I LOVE this post and plan to be a regular reader of your blog. I found it on Emily’s Facebook, as others mentioned, and I just love it. I’m glad you found The Real Thing, and even happier that you two have kept it alive to Tosh.O In The Suburbs Land. 🙂
P.S. When watching ‘Something Borrowed’ in the theater with two girlfriends who hadn’t read the book, I kept whispering the explanations to them, or told them “oh, just wait” as the events unfolded and they looked at me with horror in their eyes. It was such a wonderful Girls Night.

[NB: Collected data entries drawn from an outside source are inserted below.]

Lemma zeros_at_most_10_pos a b : 0 < a -> at_most 10 (fun z => Defs.f a b z = 0).
Proof.
  intros ha. destruct (cubic_root a ha) as [c [hc hca]].
  set (X := fun x => (0 < x \/ x < -c) /\ G a b x = 0).
  assert (hX : at_most 3 X).
  { apply (at_most_impl (1 + 2) 3 (fun x => (0 < x /\ G a b x = 0) \/
                                         (exists t, (0 < t /\ Gt c b t = 0) /\ x = -c - t)));
      [lia | | apply at_most_or; [apply G_pos_roots_at_most_1, ha |
                                  apply at_most_image, Gt_pos_roots_at_most_2, hc]].
    intros x [[hx | hx] hG]; [left; auto | right].
    exists (-c - x). split; [split; [lra | rewrite <- G_shift, hca] |];
      ring_simplify (-c - (-c - x)); auto. }
  apply (at_most_impl (4 + (3 + 3)) 10 (fun z =>
      (exists x, q a b x = 0 /\ z = (x, 0)) \/
      ((exists x, X x /\ z = (x, sqrt (s a x))) \/ (exists x, X x /\ z = (x, - sqrt (s a x)))))).
  - lia.
  - intros [x y] hz. destruct (Req_dec y 0) as [-> | hy].
    + left. exists x. split; [apply f_eq0_real |]; auto.
    + right. assert (hx : x <> 0).
      { intros ->. apply f_eq0 in hz. destruct hz as [_ hz]. unfold p2 in hz.
        apply Rmult_integral in hz. lra. }
      apply f_eq0_nonreal in hz; [| exact hx | exact hy]. destruct hz as [hs hG].
      assert (hXx : X x).
      { split; [| exact hG]. destruct (Rlt_or_le 0 x) as [hxp | hxn]; [left; exact hxp | right].
        apply cubic_neg_iff. rewrite hca. apply s_pos_iff_neg; [lra |].
        rewrite <- hs. apply pow2_gt_0, hy. }
      destruct (sq_cases (s a x) y hs) as [-> | ->]; [left | right]; eauto.
  - apply at_most_or; [apply at_most_image, q_roots_at_most_4 |].
    apply at_most_or; apply at_most_image, hX.
Qed.

Ltac not_in_points :=
  let H := fresh in
  intros H; repeat match type of H with _ \/ _ => destruct H as [H | H] end;
  try contradiction; injection H; intros; lra.

Ltac distinct_points :=
  repeat (apply NoDup_cons; [simpl; not_in_points |]); apply NoDup_nil.

Lemma f_eq0_of_G_root a b x : x <> 0 -> 0 < s a x -> G a b x = 0 ->
  Defs.f a b (x, sqrt (s a x)) = 0 /\ Defs.f a b (x, - sqrt (s a x)) = 0.
Proof.
  intros hx hs hG. assert (hr : 0 < sqrt (s a x)) by (apply sqrt_lt_R0, hs).
  split; (apply f_eq0_nonreal; [lra | lra | split; [| exact hG]]);
    [apply sqrt_sq_pow | apply opp_sqrt_sq_pow]; lra.
Qed.

Lemma G_at_neg_c c b : G (4*c^3 + 2*c) b (-c) = -16*c^2 * q (4*c^3 + 2*c) b (-c).
Proof. unfold G, q. ring. Qed.

Lemma Delta1_on_curve c : Delta1 (4*c^3 + 2*c) (c^2 + 5*c^4) = 0.
Proof. unfold Delta1. ring. Qed.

What a beautifully written post! So true to life! Thank you for sharing your story, and thanks to Emily for sharing it on her FB page with us! LOVE that you snuck to the movie then confessed to your sister, love that you agree that life can be messy but the messy stuff makes for the good stuff! : )
As an aspiring writer and current blogger I adored your piece. The messy parts certainly do make the good parts the honey in life. Keep writing. I am bookmarking you!
This post is wonderful. Found you through Emily G. Write a book — agreed! 🙂
You have no idea how much these encouraging words mean to me. Thank you all so much!